Reproduce each line below with no alterations.

»»

(* On the face AB (z = 0) an A-step stays on AB, a B-step lands on AC (y = z)
   and no C-step is possible; symmetrically on AC an A-step stays, a C-step
   lands on AB and no B-step is possible.  Hence an orbit starting on AB
   (resp. AC) has non-A symbols alternating from B (resp. C).
   Conversely, the distances z and y - z to the two faces, multiplied by the
   product x_0 ... x_(k-1) of the previous first coordinates, are preserved by
   A-steps and exchanged by B- and C-steps.  Along an itinerary alternating
   from B (resp. C) one of them therefore stays equal to its initial value
   c = z (resp. y - z).  Since two C-steps are never consecutive, this forces
   the product of first coordinates to drop by c every three steps, which is
   impossible for c > 0. *)

From Stdlib Require Import Reals Lra Lia Psatz Classical ClassicalEpsilon ZArith.
Open Scope R_scope.

Definition px (p : R3) : R := fst (fst p).
Definition py (p : R3) : R := snd (fst p).
Definition pz (p : R3) : R := snd p.

Lemma inS_iff p : inS p <-> 0 <= pz p <= py p /\ py p <= px p <= 1.
Proof. destruct p as [[x y] z]; unfold inS, px, py, pz; simpl; tauto. Qed.

Lemma INR_ge1 n : (1 <= n)%nat -> 1 <= INR n.
Proof. intro; apply (le_INR 1); assumption. Qed.

(* The regions with subscript [n] lie in the slab [n x <= 1 < (n+1) x], i.e. [n = floor (1/x)]. *)
Definition index_of (n : nat) (x : R) : Prop := INR n * x <= 1 < (INR n + 1) * x.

««

Response:
(* On the face AB (z = 0) an A-step stays on AB, a B-step lands on AC (y = z)
   and no C-step is possible; symmetrically on AC an A-step stays, a C-step
   lands on AB and no B-step is possible.  Hence an orbit starting on AB
   (resp. AC) has non-A symbols alternating from B (resp. C).
   Conversely, the distances z and y - z to the two faces, multiplied by the
   product x_0 ... x_(k-1) of the previous first coordinates, are preserved by
   A-steps and exchanged by B- and C-steps.  Along an itinerary alternating
   from B (resp. C) one of them therefore stays equal to its initial value
   c = z (resp. y - z).  Since two C-steps are never consecutive, this forces
   the product of first coordinates to drop by c every three steps, which is
   impossible for c > 0. *)

From Stdlib Require Import Reals Lra Lia Psatz Classical ClassicalEpsilon ZArith.
Open Scope R_scope.

Definition px (p : R3) : R := fst (fst p).
Definition py (p : R3) : R := snd (fst p).
Definition pz (p : R3) : R := snd p.

Lemma inS_iff p : inS p <-> 0 <= pz p <= py p /\ py p <= px p <= 1.
Proof. destruct p as [[x y] z]; unfold inS, px, py, pz; simpl; tauto. Qed.

Lemma INR_ge1 n : (1 <= n)%nat -> 1 <= INR n.
Proof. intro; apply (le_INR 1); assumption. Qed.

(* The regions with subscript [n] lie in the slab [n x <= 1 < (n+1) x], i.e. [n = floor (1/x)]. *)
Definition index_of (n : nat) (x : R) : Prop := INR n * x <= 1 < (INR n + 1) * x.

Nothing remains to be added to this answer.